Only the lines below starting at the one that contains "- apply HC, HU;" and ending at the one that contains "(IU _ _ HD HE))." are to be reproduced, exactly and with both ends kept.

Saved data entries
☆ ☆ ☆ ☆ ☆

(* Let $(\Omega,\mathscr A)$ be a measurable space, $\mathscr C\subseteq\mathscr A$ a concept class, and $I$ an ideal of subsets of $\Omega$. Let $S_I$ be the set of all ultrafilters on $\Omega$ containing no element of $I$, and regard each $C\in\mathscr C$ as the $\{0,1\}$-valued function $\xi\mapsto[C\in\xi]$ on $S_I$. For each $n\in\mathbb N$ the following are equivalent: (1) the VC dimension of $\mathscr C$ as a class of functions on $S_I$ is at least $n$; (2) there exist sets $A_1,\dots,A_n\subseteq\Omega$, none belonging to $I$, such that for every $J\subseteq\{1,\dots,n\}$ there is $C\in\mathscr C$ with $A_i\subseteq C$ for all $i\in J$ and $A_i\cap C=\emptyset$ for all $i\notin J$. Moreover, in (2) the sets $A_i$ can be chosen in $\mathscr A$.
   Context: An ideal of subsets of $\Omega$ is a family closed under finite unions and under taking subsets. An ultrafilter on $\Omega$ is a family $\xi$ of nonempty subsets closed under finite intersections such that for each $A\subseteq\Omega$ either $A\in\xi$ or $\Omega\setminus A\in\xi$. ($S_I$ is the Stone space of the quotient Boolean algebra $2^\Omega/I$.) *)

From Stdlib Require Import Arith Classical FunctionalExtensionality PropExtensionality.

Set Implicit Arguments.

Definition subset {Omega : Type} (A B : Omega -> Prop) : Prop :=
  forall x, A x -> B x.

Definition setI {Omega : Type} (A B : Omega -> Prop) : Omega -> Prop :=
  fun x => A x /\ B x.

Definition setU {Omega : Type} (A B : Omega -> Prop) : Omega -> Prop :=
  fun x => A x \/ B x.

Definition setC {Omega : Type} (A : Omega -> Prop) : Omega -> Prop :=
  fun x => ~ A x.

Definition disjoint {Omega : Type} (A B : Omega -> Prop) : Prop :=
  forall x, A x -> B x -> False.

Definition sigma_algebra {Omega : Type} (SA : (Omega -> Prop) -> Prop) : Prop :=
  SA (fun _ => True) /\
  (forall A, SA A -> SA (setC A)) /\
  (forall F : nat -> Omega -> Prop, (forall k, SA (F k)) ->
     SA (fun x => exists k, F k x)).

Definition ideal {Omega : Type} (I : (Omega -> Prop) -> Prop) : Prop :=
  I (fun _ => False) /\
  (forall A B, I A -> I B -> I (setU A B)) /\
  (forall A B, subset B A -> I A -> I B).

Definition ultrafilter {Omega : Type} (xi : (Omega -> Prop) -> Prop) : Prop :=
  (forall A, xi A -> exists x, A x) /\
  (forall A B, xi A -> xi B -> xi (setI A B)) /\
  (forall A, xi A \/ xi (setC A)).

Definition in_S_I {Omega : Type} (I : (Omega -> Prop) -> Prop)
  (xi : (Omega -> Prop) -> Prop) : Prop :=
  ultrafilter xi /\ (forall A, I A -> ~ xi A).

(* VC dimension of the class C (viewed as functions xi |-> [C \in xi] on S_I)
   is at least n: some n distinct points of S_I are shattered. *)
Definition VC_dim_SI_ge {Omega : Type} (I : (Omega -> Prop) -> Prop)
  (C : (Omega -> Prop) -> Prop) (n : nat) : Prop :=
  exists xi : nat -> (Omega -> Prop) -> Prop,
    (forall i, i < n -> in_S_I I (xi i)) /\
    (forall i j, i < n -> j < n -> xi i = xi j -> i = j) /\
    (forall J : nat -> Prop, exists c, C c /\
       forall i, i < n -> (xi i c <-> J i)).

(* condition (2), with the A_i additionally required to satisfy P *)
Definition cond2 {Omega : Type} (P : (Omega -> Prop) -> Prop)
  (I : (Omega -> Prop) -> Prop) (C : (Omega -> Prop) -> Prop) (n : nat) : Prop :=
  exists A : nat -> Omega -> Prop,
    (forall i, i < n -> P (A i) /\ ~ I (A i)) /\
    (forall J : nat -> Prop, exists c, C c /\
       (forall i, i < n -> J i -> subset (A i) c) /\
       (forall i, i < n -> ~ J i -> disjoint (A i) c)).

From Stdlib Require Import Arith Lia Classical ClassicalEpsilon FunctionalExtensionality PropExtensionality.
From mathcomp Require classical_sets filter.

(* (2) => (1): for each A_i not in I the family of sets D with A_i \ D in I
   is a proper filter; any ultrafilter xi_i refining it (ultrafilter lemma)
   contains A_i and avoids I.  A concept containing A_i then lies in xi_i,
   and a concept disjoint from A_i does not, so the xi_i are shattered (and
   pairwise distinct, using the pattern J = {i}).

   (1) => (2): encode the subsets of {0,...,n-1} by the numbers k < 2^n
   (bit i of k says whether i is in the subset) and pick a concept c_k
   realising pattern k on xi_0, ..., xi_(n-1).  The "atom"
   A_i = intersection over k < 2^n of (c_k or its complement, according to
   bit i of k) is a finite intersection of sets of the sigma-algebra, each
   belonging to xi_i; hence A_i is measurable, lies in xi_i (so not in I),
   and c_k contains or misses A_i exactly as pattern k prescribes. *)

Set Implicit Arguments.
Set Bullet Behavior "Strict Subproofs".

Section FiniteIntersections.
Variable Omega : Type.

Lemma set_ext (A B : Omega -> Prop) : (forall x, A x <-> B x) -> A = B.
Proof.
intros H; apply functional_extensionality; intros x.
apply propositional_extensionality, H.
Qed.

Definition bigcapn (N : nat) (F : nat -> Omega -> Prop) : Omega -> Prop :=
  fun x => forall k, k < N -> F k x.

Lemma bigcapn_closed (P : (Omega -> Prop) -> Prop) :
  P (fun _ => True) -> (forall A B, P A -> P B -> P (setI A B)) ->
  forall N F, (forall k, k < N -> P (F k)) -> P (bigcapn N F).
Proof.
intros HT HI N F; induction N as [|N IH]; intros HF.
- replace (bigcapn 0 F) with (fun _ : Omega => True); [exact HT|].
  apply set_ext; intros x; split; [intros _ k Hk; lia | tauto].
- replace (bigcapn (S N) F) with (setI (bigcapn N F) (F N)).
  + apply HI; [apply IH; intros k Hk|]; apply HF; lia.
  + apply set_ext; intros x; unfold setI, bigcapn; split.
    * intros [Hlt HN] k Hk.
      destruct (Nat.eq_dec k N) as [->|Hne]; [exact HN | apply Hlt; lia].
    * intros H; split; [intros k Hk|]; apply H; lia.
Qed.

Lemma sigma_algebra_setI (SA : (Omega -> Prop) -> Prop) :
  sigma_algebra SA -> forall A B, SA A -> SA B -> SA (setI A B).
Proof.
intros [_ [HC HU]] A B HA HB.
pose (F := fun k : nat => match k with 0 => setC A | _ => setC B end).
replace (setI A B) with (setC (fun x => exists k, F k x)).
- apply HC, HU; intros [|k]; apply HC; assumption.
- apply set_ext; intros x; unfold setC, setI; split.
  + intros Hn; split; apply NNPP; intros Hx; apply Hn;
      [exists 0 | exists 1]; exact Hx.
  + intros [Ha Hb] [[|k] Hk]; contradiction.
Qed.

End FiniteIntersections.

Section Ultrafilters.
Variable Omega : Type.
Implicit Types (xi : (Omega -> Prop) -> Prop) (A D E c : Omega -> Prop).

Lemma ultrafilter_up xi : ultrafilter xi ->
  forall D E, xi D -> subset D E -> xi E.
Proof.
intros [Hne [HI Hdich]] D E HD HDE.
destruct (Hdich E) as [HE|HCE]; [exact HE|].
destruct (Hne _ (HI _ _ HD HCE)) as [x [HDx HCEx]].
exfalso; exact (HCEx (HDE x HDx)).
Qed.

Lemma ultrafilter_full xi : ultrafilter xi -> xi (fun _ => True).
Proof.
intros Hu; destruct (proj2 (proj2 Hu) (fun _ => True)) as [H|H];
  [exact H | apply (ultrafilter_up Hu H); intros x _; exact I].
Qed.

Lemma ultrafilter_disjoint xi A c :
  ultrafilter xi -> xi A -> disjoint A c -> ~ xi c.
Proof.
intros [Hne [HI _]] HA Hd Hc.
destruct (Hne _ (HI _ _ HA Hc)) as [x [HAx Hcx]].
exact (Hd x HAx Hcx).
Qed.

Lemma UltraFilter_ultrafilter xi : filter.UltraFilter xi -> ultrafilter xi.
Proof.
intros Hu; split; [|split].
- intros A HA; exact (filter.filter_ex HA).
- intros A B HA HB; exact (filter.filterI HA HB).
- intros A; exact (filter.in_ultra_setVsetC A Hu).
Qed.

Variable I : (Omega -> Prop) -> Prop.
Hypothesis hI : ideal I.

(* The sets containing A up to an element of I; its ultrafilter refinements
   are the points of S_I containing A. *)
Definition residual A : (Omega -> Prop) -> Prop := fun D => I (setI A (setC D)).

Lemma residual_proper_filter A : ~ I A -> filter.ProperFilter (residual A).
Proof.
destruct hI as [I0 [IU IS]]; intros HA; constructor.
- intros H0; apply HA; apply (IS _ _ (fun x Ax => conj Ax (fun f : False => f)) H0).
- constructor.
  + apply (IS _ _ (fun x (Hx : setI A (setC (fun _ => True)) x) => proj2 Hx Logic.I) I0).
  + intros D E HD HE; refine (IS _ _ _ (IU _ _ HD HE)).
    intros x [Ax HDE].
    destruct (classic (D x)) as [Dx|nDx]; [right|left]; split; try assumption.
    intros Ex; exact (HDE (conj Dx Ex)).
  + intros D E HDE HD; refine (IS _ _ _ HD).
    intros x [Ax nEx]; split; [exact Ax | intros Dx; exact (nEx (HDE x Dx))].
Qed.

Lemma S_I_point_containing A : ~ I A -> exists xi, in_S_I I xi /\ xi A.
Proof.
intros HA.
destruct (filter.ultraFilterLemma (residual_proper_filter HA)) as [xi [Hu Hres]].
pose proof (UltraFilter_ultrafilter Hu) as Huf.
destruct hI as [I0 [_ IS]].
assert (HxiA : xi A).
{ apply Hres; apply (IS _ _ (fun x (Hx : setI A (setC A) x) => proj2 Hx (proj1 Hx)) I0). }
exists xi; split; [split; [exact Huf|] | exact HxiA].
intros B HB HxiB.
assert (HxiCB : xi (setC B)).
{ apply Hres; apply (IS _ _ (fun x (Hx : setI A (setC (setC B)) x) => NNPP _ (proj2 Hx)) HB). }
exact (ultrafilter_disjoint Huf HxiB (fun x Bx nBx => nBx Bx) HxiCB).
Qed.

End Ultrafilters.

Lemma bit_pattern_exists (J : nat -> Prop) (n : nat) :
  exists k, k < 2 ^ n /\ forall i, i < n -> (Nat.testbit k i = true <-> J i).
Proof.
revert J; induction n as [|n IH]; intros J.
- exists 0; split; [simpl; lia | intros i Hi; lia].
- destruct (IH (fun i => J (S i))) as [k [Hk Hbits]].
  destruct (classic (J 0)) as [HJ0|HJ0].
  + exists (2 * k + 1); split; [rewrite Nat.pow_succ_r'; lia|].
    intros [|i] Hi; [rewrite Nat.testbit_odd_0; tauto|].
    rewrite Nat.testbit_odd_succ by lia; apply Hbits; lia.
  + exists (2 * k); split; [rewrite Nat.pow_succ_r'; lia|].
    intros [|i] Hi; [rewrite Nat.testbit_even_0; split; [discriminate | tauto]|].
    rewrite Nat.testbit_even_succ by lia; apply Hbits; lia.
Qed.

Section Atoms.
Variable Omega : Type.

Definition atom_piece (c : nat -> Omega -> Prop) (i k : nat) : Omega -> Prop :=
  if Nat.testbit k i then c k else setC (c k).

Definition atom (N : nat) (c : nat -> Omega -> Prop) (i : nat) : Omega -> Prop :=
  bigcapn N (atom_piece c i).

Lemma atom_subset N c i k :
  k < N -> Nat.testbit k i = true -> subset (atom N c i) (c k).
Proof.
intros Hk Hbit x Hx; specialize (Hx k Hk); unfold atom_piece in Hx.
rewrite Hbit in Hx; exact Hx.
Qed.

Lemma atom_disjoint N c i k :
  k < N -> Nat.testbit k i = false -> disjoint (atom N c i) (c k).
Proof.
intros Hk Hbit x Hx; specialize (Hx k Hk); unfold atom_piece in Hx.
rewrite Hbit in Hx; exact Hx.
Qed.

Lemma atom_measurable (SA : (Omega -> Prop) -> Prop) N c i :
  sigma_algebra SA -> (forall k, SA (c k)) -> SA (atom N c i).
Proof.
intros HSA Hc; unfold atom; apply bigcapn_closed;
  [apply HSA | apply sigma_algebra_setI, HSA|].
intros k _; unfold atom_piece; destruct (Nat.testbit k i);
  [|apply HSA]; apply Hc.
Qed.

Lemma atom_in_ultrafilter (xi : (Omega -> Prop) -> Prop) N c i :
  ultrafilter xi -> (forall k, k < N -> (xi (c k) <-> Nat.testbit k i = true)) ->
  xi (atom N c i).
Proof.
intros Hu Hc; unfold atom; apply bigcapn_closed;
  [apply ultrafilter_full, Hu | apply Hu|].
intros k Hk; unfold atom_piece; destruct (Nat.testbit k i) eqn:Hbit.
- apply Hc; assumption.
- destruct (proj2 (proj2 Hu) (c k)) as [Hck|HCk]; [|exact HCk].
  apply Hc in Hck; [congruence | assumption].
Qed.

End Atoms.

Lemma shattered_points_give_atoms (Omega : Type) (SA : (Omega -> Prop) -> Prop)
  (C I : (Omega -> Prop) -> Prop) (n : nat) :
  sigma_algebra SA -> (forall c, C c -> SA c) ->
  VC_dim_SI_ge I C n -> cond2 SA I C n.
Proof.
intros HSA HC [xi [Hxi [_ Hshatter]]].
destruct (choice (fun k c => C c /\ forall i, i < n -> (xi i c <-> Nat.testbit k i = true))
  (fun k => Hshatter (fun i => Nat.testbit k i = true))) as [c Hc].
exists (atom (2 ^ n) c); split.
- intros i Hi; split.
  + apply atom_measurable; [exact HSA | intros k; apply HC, Hc].
  + intros HIatom; destruct (Hxi i Hi) as [Hu Havoid].
    apply (Havoid _ HIatom), atom_in_ultrafilter; [exact Hu|].
    intros k _; apply Hc, Hi.
- intros J; destruct (bit_pattern_exists J n) as [k [Hk Hbits]].
  exists (c k); split; [apply Hc | split].
  + intros i Hi HJ; apply atom_subset; [exact Hk | apply Hbits; assumption].
  + intros i Hi HJ; apply atom_disjoint; [exact Hk|].
    destruct (Nat.testbit k i) eqn:Hbit; [|reflexivity].
    exfalso; apply HJ, Hbits; assumption.
Qed.

Lemma separated_sets_give_shattered_points (Omega : Type)
  (P C I : (Omega -> Prop) -> Prop) (n : nat) :
  ideal I -> cond2 P I C n -> VC_dim_SI_ge I C n.
Proof.
intros hI [A [HA Hsep]].
destruct (choice (fun i xi => i < n -> in_S_I I xi /\ xi (A i))) as [xi Hxi].
{ intros i; destruct (lt_dec i n) as [Hi|Hi].
  - destruct (S_I_point_containing hI (A i) (proj2 (HA i Hi))) as [xi Hxi].
    exists xi; intros _; exact Hxi.
  - exists (fun _ => True); intros Hi'; contradiction. }
assert (Hin : forall i c, i < n -> subset (A i) c -> xi i c).
{ intros i c Hi Hsub; destruct (Hxi i Hi) as [[Hu _] HAi].
  exact (ultrafilter_up Hu HAi Hsub). }
assert (Hout : forall i c, i < n -> disjoint (A i) c -> ~ xi i c).
{ intros i c Hi; destruct (Hxi i Hi) as [[Hu _] HAi].
  exact (ultrafilter_disjoint Hu HAi). }
exists xi; split; [|split].
- intros i Hi; apply Hxi, Hi.
- intros i j Hi Hj Heq; apply NNPP; intros Hne.
  destruct (Hsep (fun k => k = i)) as [c [_ [Hsub Hdisj]]].
  apply (Hout j c Hj (Hdisj j Hj (fun e => Hne (eq_sym e)))).
  rewrite <- Heq; apply Hin, Hsub; [exact Hi | exact Hi | reflexivity].
- intros J; destruct (Hsep J) as [c [Hc [Hsub Hdisj]]].
  exists c; split; [exact Hc|]; intros i Hi; split.
  + intros Hxic; apply NNPP; intros HJ; exact (Hout i c Hi (Hdisj i Hi HJ) Hxic).
  + intros HJ; apply Hin, Hsub; assumption.
Qed.

Lemma cond2_weaken (Omega : Type) (P Q I C : (Omega -> Prop) -> Prop) (n : nat) :
  (forall A, P A -> Q A) -> cond2 P I C n -> cond2 Q I C n.
Proof.
intros HPQ [A [HA Hsep]]; exists A; split; [|exact Hsep].
intros i Hi; destruct (HA i Hi) as [HP HnI]; split; [apply HPQ|]; assumption.
Qed.

Theorem mainTheorem8 (Omega : Type) (SA : (Omega -> Prop) -> Prop)
  (C : (Omega -> Prop) -> Prop) (I : (Omega -> Prop) -> Prop)
  (hSA : sigma_algebra SA) (hC : forall c, C c -> SA c) (hI : ideal I)
  (n : nat) :
  (VC_dim_SI_ge I C n <-> cond2 (fun _ => True) I C n) /\
  (VC_dim_SI_ge I C n <-> cond2 SA I C n).
Proof.
assert (H12 : VC_dim_SI_ge I C n -> cond2 SA I C n)
  by exact (shattered_points_give_atoms hSA hC).
assert (H21 : forall P, cond2 P I C n -> VC_dim_SI_ge I C n)
  by (intros P; exact (separated_sets_give_shattered_points hI)).
split; split.
- intros H; exact (cond2_weaken (fun _ => True) (fun _ _ => Logic.I) (H12 H)).
- apply H21.
- exact H12.
- apply H21.
Qed.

☆ ☆ ☆ ☆ ☆

• Written solution:
- apply HC, HU; intros [|k]; apply HC; assumption.
- apply set_ext; intros x; unfold setC, setI; split.
  + intros Hn; split; apply NNPP; intros Hx; apply Hn;
      [exists 0 | exists 1]; exact Hx.
  + intros [Ha Hb] [[|k] Hk]; contradiction.
Qed.

End FiniteIntersections.

Section Ultrafilters.
Variable Omega : Type.
Implicit Types (xi : (Omega -> Prop) -> Prop) (A D E c : Omega -> Prop).

Lemma ultrafilter_up xi : ultrafilter xi ->
  forall D E, xi D -> subset D E -> xi E.
Proof.
intros [Hne [HI Hdich]] D E HD HDE.
destruct (Hdich E) as [HE|HCE]; [exact HE|].
destruct (Hne _ (HI _ _ HD HCE)) as [x [HDx HCEx]].
exfalso; exact (HCEx (HDE x HDx)).
Qed.

Lemma ultrafilter_full xi : ultrafilter xi -> xi (fun _ => True).
Proof.
intros Hu; destruct (proj2 (proj2 Hu) (fun _ => True)) as [H|H];
  [exact H | apply (ultrafilter_up Hu H); intros x _; exact I].
Qed.

Lemma ultrafilter_disjoint xi A c :
  ultrafilter xi -> xi A -> disjoint A c -> ~ xi c.
Proof.
intros [Hne [HI _]] HA Hd Hc.
destruct (Hne _ (HI _ _ HA Hc)) as [x [HAx Hcx]].
exact (Hd x HAx Hcx).
Qed.

Lemma UltraFilter_ultrafilter xi : filter.UltraFilter xi -> ultrafilter xi.
Proof.
intros Hu; split; [|split].
- intros A HA; exact (filter.filter_ex HA).
- intros A B HA HB; exact (filter.filterI HA HB).
- intros A; exact (filter.in_ultra_setVsetC A Hu).
Qed.

Variable I : (Omega -> Prop) -> Prop.
Hypothesis hI : ideal I.

(* The sets containing A up to an element of I; its ultrafilter refinements
   are the points of S_I containing A. *)
Definition residual A : (Omega -> Prop) -> Prop := fun D => I (setI A (setC D)).

Lemma residual_proper_filter A : ~ I A -> filter.ProperFilter (residual A).
Proof.
destruct hI as [I0 [IU IS]]; intros HA; constructor.
- intros H0; apply HA; apply (IS _ _ (fun x Ax => conj Ax (fun f : False => f)) H0).
- constructor.
  + apply (IS _ _ (fun x (Hx : setI A (setC (fun _ => True)) x) => proj2 Hx Logic.I) I0).
  + intros D E HD HE; refine (IS _ _ _ (IU _ _ HD HE)).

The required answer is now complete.